The search for extraterrestrial life provided a clear overlap in interests for Smith and Orphan, but she also found common ground with physicist Jun Ye, the next link in The Most Unknown’s scientific chain, when he hosted Orphan at his laboratory at the University of Colorado at Boulder. Ye works with atomic clocks, the most accurate timekeeping devices ever made, and demonstrated how his team manipulates strontium atoms to make precision measurements.
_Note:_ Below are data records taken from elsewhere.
(* Let $r,c\in\mathbb{N}$, $n=r+c$, $N=2^n$, and $X=(X_1,X_2)$ with $X_1\subset\{0,1\}^n$ the strings ending in $0^c$ and $X_2\subset\{0,1\}^n$ the strings beginning with $0^r$. Consider two distributions on pairs $(\varphi,y)\in S_N\times\{0,1\}^r$: $\mathcal D_1$: sample $\varphi\sim S_N$ uniformly, sample $x\sim\{0,1\}^r$ uniformly, let $y=\mathsf{Sp}^{\varphi}(x)$, output $(\varphi,y)$. $\mathcal D_2$: sample $y\sim\{0,1\}^r$ uniformly, sample $\pi\sim\mathcal D_X$, output $(\varphi,y)$ with $\varphi=\mathsf{XOR}_{y\|0^c}\circ\pi$. Then $\mathcal D_1$ and $\mathcal D_2$ are identical distributions.
   Context: Permutations of $\{0,1\}^n$ are identified with $S_N$. $\mathsf{Sp}^{\varphi}(x)$ is the first $r$ bits of $\varphi(x\|0^c)$. $\mathsf{XOR}_{y\|0^c}$ is the permutation of $\{0,1\}^n$ given by $(a\|b)\mapsto (a\oplus y)\|b$ for $a\in\{0,1\}^r$, $b\in\{0,1\}^c$. For $\pi\in S_N$, $X_\pi=\{(i,j): i\in X_1,\ j\in X_2,\ \pi(i)=j\}$; the distribution $\mathcal D_X$ on $S_N$ is $\Pr_{\Pi\sim\mathcal D_X}[\Pi=\pi]=|X_\pi|/\sum_{\sigma\in S_N}|X_\sigma|$. *)

From mathcomp Require Import all_boot all_order all_algebra all_fingroup.
Set Implicit Arguments. Unset Strict Implicit. Unset Printing Implicit Defensive.
Import GRing.Theory Num.Theory.
Local Open Scope ring_scope.

Definition bits (n : nat) := {ffun 'I_n -> bool}.

Section Sponge.
Variables r c : nat.
Notation W := (bits (r + c)).

Definition concat (a : bits r) (b : bits c) : W :=
  [ffun i => match split i with inl j => a j | inr k => b k end].

Definition zeros (m : nat) : bits m := [ffun => false].

Definition first_r (w : W) : bits r := [ffun j => w (lshift c j)].

Definition Sp (phi : {perm W}) (x : bits r) : bits r :=
  first_r (phi (concat x (zeros c))).

Definition xorf (y : bits r) (w : W) : W :=
  [ffun i => match split i with inl j => w i (+) y j | inr _ => w i end].

Lemma xorfK y : involutive (xorf y).
Proof.
move=> w; apply/ffunP=> i; rewrite !ffunE.
by case: split => [j|k] //; rewrite addbK.
Qed.

Definition XOR (y : bits r) : {perm W} := perm (can_inj (xorfK y)).

Definition X1 : {set W} := [set w : W | [forall k : 'I_c, ~~ w (rshift r k)]].
Definition X2 : {set W} := [set w : W | [forall j : 'I_r, ~~ w (lshift c j)]].

Definition Xpi (pi : {perm W}) : {set W * W} :=
  [set p : W * W | (p.1 \in X1) && (p.2 \in X2) && (pi p.1 == p.2)].

Definition DX (pi : {perm W}) : rat :=
  #|Xpi pi|%:R / (\sum_(s : {perm W}) #|Xpi s|)%:R.

Definition unif (T : finType) (t : T) : rat := 1 / #|T|%:R.

Definition push (A B : finType) (mu : A -> rat) (f : A -> B) (b : B) : rat :=
  \sum_(a | f a == b) mu a.

Definition D1 : {perm W} * bits r -> rat :=
  push (fun a : {perm W} * bits r => unif a.1 * unif a.2)
       (fun a => (a.1, Sp a.1 a.2)).

(* D_2 : y uniform, pi ~ D_X, output (XOR_{y||0^c} o pi, y) *)
Definition D2 : {perm W} * bits r -> rat :=
  push (fun a : bits r * {perm W} => unif a.1 * DX a.2)
       (fun a => ((a.2 * XOR a.1)%g, a.1)).

End Sponge.

From mathcomp Require Import all_boot all_order all_algebra all_fingroup.
From mathcomp Require Import ring.
Set Implicit Arguments. Unset Strict Implicit. Unset Printing Implicit Defensive.
Import GRing.Theory Num.Theory.

(* For fixed y, both distributions put mass proportional to
   #{x | Sp^phi(x) = y} on phi.  For D_2 this is because the elements of X_pi,
   pi = XOR_{y||0^c} o phi, are exactly the pairs
   (x || 0^c, phi(x || 0^c) xor (y || 0^c)) with Sp^phi(x) = y.  The
   normalising constant of D_X is |S_N|: a uniform permutation sends a given
   point to a given point with probability 1/N, and |X_1| |X_2| = N. *)

Section PermCounting.
Variable T : finType.

Lemma card_perm_sends_le (a b b' : T) :
  #|[set s : {perm T} | s a == b]| <= #|[set s : {perm T} | s a == b']|.
Proof.
rewrite -(card_imset _ (mulIg (tperm b b'))).
apply: subset_leq_card; apply/subsetP => t /imsetP[s]; rewrite !inE => /eqP sa ->.
by rewrite permM sa tpermL.
Qed.

Lemma card_perm_sends (a b b' : T) :
  #|[set s : {perm T} | s a == b]| = #|[set s : {perm T} | s a == b']|.
Proof. by apply/eqP; rewrite eqn_leq !card_perm_sends_le. Qed.

Lemma card_perm_sendsM (a b : T) :
  #|T| * #|[set s : {perm T} | s a == b]| = #|{perm T}|.
Proof.
rewrite -[#|{perm T}|]sum1_card (partition_big (fun s : {perm T} => s a) predT) //=.
rewrite -sum_nat_const; apply: eq_bigr => b' _.
by rewrite (card_perm_sends a b b') -sum1_card; apply: eq_bigl => s; rewrite inE.
Qed.

(* Double counting the triples (s, p) with p in A x B and s p.1 = p.2. *)
Lemma sum_card_perm_graph (A B : {set T}) :
  #|T| * (\sum_(s : {perm T})
     #|[set p : T * T | (p.1 \in A) && (p.2 \in B) && (s p.1 == p.2)]|)
  = #|A| * #|B| * #|{perm T}|.
Proof.
have graphE (s : {perm T}) : #|[set p : T * T | (p.1 \in A) && (p.2 \in B) && (s p.1 == p.2)]|
    = \sum_(p in setX A B) (s p.1 == p.2 : nat).
  rewrite -sum1_card (eq_bigl (fun p => (p \in setX A B) && (s p.1 == p.2))).
    by rewrite big_mkcondr; apply: eq_bigr => p _; case: eqP.
  by move=> p; rewrite !inE.
under eq_bigr => s _ do rewrite graphE.
rewrite exchange_big big_distrr /= -cardsX -sum_nat_const.
apply: eq_bigr => p _; rewrite -(card_perm_sendsM p.1 p.2); congr (_ * _).
by rewrite -sum1_card [RHS]big_mkcond /=; apply: eq_bigr => s _; rewrite inE; case: eqP.
Qed.

End PermCounting.

Section Sponge.
Variables r c : nat.
Notation W := (bits (r + c)).

Lemma card_bits m : #|bits m| = 2 ^ m.
Proof. by rewrite card_ffun card_bool card_ord. Qed.

Lemma concat_lshift (a : bits r) (b : bits c) j : concat a b (lshift c j) = a j.
Proof. by rewrite ffunE (unsplitK (inl j)). Qed.

Lemma concat_rshift (a : bits r) (b : bits c) k : concat a b (rshift r k) = b k.
Proof. by rewrite ffunE (unsplitK (inr k)). Qed.

Lemma concat_zeros_inj : injective (fun a : bits r => concat a (zeros c)).
Proof.
by move=> a a' /ffunP eq_aa'; apply/ffunP => j; rewrite -!(concat_lshift _ (zeros c)).
Qed.

Lemma zeros_concat_inj : injective (fun b : bits c => concat (zeros r) b).
Proof.
by move=> b b' /ffunP eq_bb'; apply/ffunP => k; rewrite -!(concat_rshift (zeros r)).
Qed.

Lemma bits_split_eq (w w' : W) :
  (forall j, w (lshift c j) = w' (lshift c j)) ->
  (forall k, w (rshift r k) = w' (rshift r k)) -> w = w'.
Proof.
by move=> eql eqr; apply/ffunP => i; rewrite -[i]splitK; case: (split i).
Qed.

Lemma X1E : X1 r c = [set concat a (zeros c) | a : bits r].
Proof.
apply/setP => w; rewrite inE; apply/forallP/imsetP => [w0|[a _ ->] k].
  exists (first_r w) => //; apply: bits_split_eq => [j|k].
    by rewrite concat_lshift ffunE.
  by rewrite concat_rshift ffunE; apply/negbTE.
by rewrite concat_rshift ffunE.
Qed.

Lemma X2E : X2 r c = [set concat (zeros r) b | b : bits c].
Proof.
apply/setP => w; rewrite inE; apply/forallP/imsetP => [w0|[b _ ->] j].
  exists [ffun k => w (rshift r k)] => //; apply: bits_split_eq => [j|k].
    by rewrite concat_lshift ffunE; apply/negbTE.
  by rewrite concat_rshift ffunE.
by rewrite concat_lshift ffunE.
Qed.

Lemma card_X1_X2 : #|X1 r c| * #|X2 r c| = #|W|.
Proof.
rewrite X1E X2E !card_imset; [|exact: zeros_concat_inj|exact: concat_zeros_inj].
by rewrite !card_bits expnD.
Qed.

Lemma sum_card_Xpi : \sum_(s : {perm W}) #|Xpi s| = #|{perm W}|.
Proof.
apply/eqP; rewrite -(eqn_pmul2l (_ : 0 < #|W|)); last by rewrite card_bits expn_gt0.
by rewrite sum_card_perm_graph card_X1_X2.
Qed.

Lemma XORV (y : bits r) : (XOR c y)^-1%g = XOR c y.
Proof.
apply: (mulgI (XOR c y)); rewrite mulgV; apply/permP => w.
by rewrite permM !permE /= xorfK.
Qed.

Lemma xorf_in_X2 (y : bits r) (w : W) : (xorf y w \in X2 r c) = (first_r w == y).
Proof.
rewrite inE; apply/forallP/eqP => [w0|<- j].
  apply/ffunP => j; rewrite ffunE; move: (w0 j).
  by rewrite ffunE (unsplitK (inl j)); case: (w _); case: (y j).
by rewrite ffunE (unsplitK (inl j)) ffunE addbb.
Qed.

Lemma card_Xpi_XOR (phi : {perm W}) (y : bits r) :
  #|Xpi (phi * XOR c y)%g| = #|[set x : bits r | Sp phi x == y]|.
Proof.
pose graph x := (concat x (zeros c), (phi * XOR c y)%g (concat x (zeros c))).
have graph_inj : injective graph by move=> x x' [] /concat_zeros_inj.
rewrite -(card_imset _ graph_inj); apply: eq_card => -[w w'].
rewrite inE /= X1E permM [XOR c y _]permE; apply/idP/imsetP.
  case/andP => /andP[/imsetP[x _ ->] w'X2] /eqP w'E.
  exists x; first by rewrite inE /Sp -xorf_in_X2 w'E.
  by rewrite /graph permM [XOR c y _]permE w'E.
case=> x; rewrite inE => Spx [-> ->].
rewrite permM [XOR c y _]permE xorf_in_X2 eqxx Spx !andbT.
by apply/imsetP; exists x.
Qed.

Lemma card_Sp_fibre (phi : {perm W}) (y : bits r) :
  #|[pred a : {perm W} * bits r | (a.1, Sp a.1 a.2) == (phi, y)]|
  = #|[set x : bits r | Sp phi x == y]|.
Proof.
have pair_inj : injective (pair phi : bits r -> {perm W} * bits r) by move=> x x' [].
rewrite -(card_imset _ pair_inj); apply: eq_card => -[s x]; rewrite !inE /= xpair_eqE.
apply/andP/imsetP => [[/eqP -> Spx]|[x']]; first by exists x; rewrite ?inE.
by rewrite inE => Spx' [-> ->].
Qed.

Lemma XOR_preimage (phi : {perm W}) (y : bits r) (a : bits r * {perm W}) :
  (((a.2 * XOR c a.1)%g, a.1) == (phi, y)) = (a == (y, (phi * XOR c y)%g)).
Proof.
case: a => y' s; rewrite !xpair_eqE andbC /=.
by case: (y' =P y) => //= ->; rewrite -{1}XORV divg_eq.
Qed.

End Sponge.

Theorem lemma5 (r c : nat) :
  forall z : {perm bits (r + c)} * bits r, D1 z = D2 z.
Proof.
move=> [phi y].
rewrite /D1 /D2 /push /unif sumr_const card_Sp_fibre.
rewrite (big_pred1 (y, (phi * XOR c y)%g)) => [|a]; last exact: XOR_preimage.
rewrite /DX card_Xpi_XOR sum_card_Xpi -mulr_natr; ring.
Qed.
“I actually was really pleasantly surprised to see how many commonalities there were just in terms of the challenges in thinking about how do you unravel something that you can’t necessarily see, but you know is there,” Orphan noted.

At one point in the segment, Ye points out that he and his colleagues anthropomorphize the atoms, often calling the elemental particles “he” or “she.” Likewise, Orphan told me that she and her colleagues have their own pet names for the microbes they bring up from the methane seeps.

“They tend to have certain traits associated with them so we actually have given them first-person names as a way of just identifying them, to make it more fun—Igor, Susie, it sticks in your mind better than some label or number,” she said. “We definitely end up adding a little bit of a personal spin on our research. Of course this would never come out in the scientific publications, but in the lab it’s fun to talk about these guys as our friends and family.”

That sense of camaraderie, between researchers and their microbial subjects, is another major perk of Orphan’s job. The kid with the nautically-themed bedroom now looks forward to the long stretches of time she gets to spend on real research vessels, bonding with fellow ocean-obsessed adventurers.

“You have your own little community on a ship for weeks at a time so it’s a very intimate and exciting experience, driven by lots of caffeine and little sleep,” she said. “It selects for certain personality types.”

“In order to be able to do the kind of ecosystem-level science you really need people from a bunch of different disciplines to come together. The ones that are successful, I think, are the ones that are willing to share their expertise, stretch their thinking, and extend creativity outside of their own small world to understand the bigger picture.”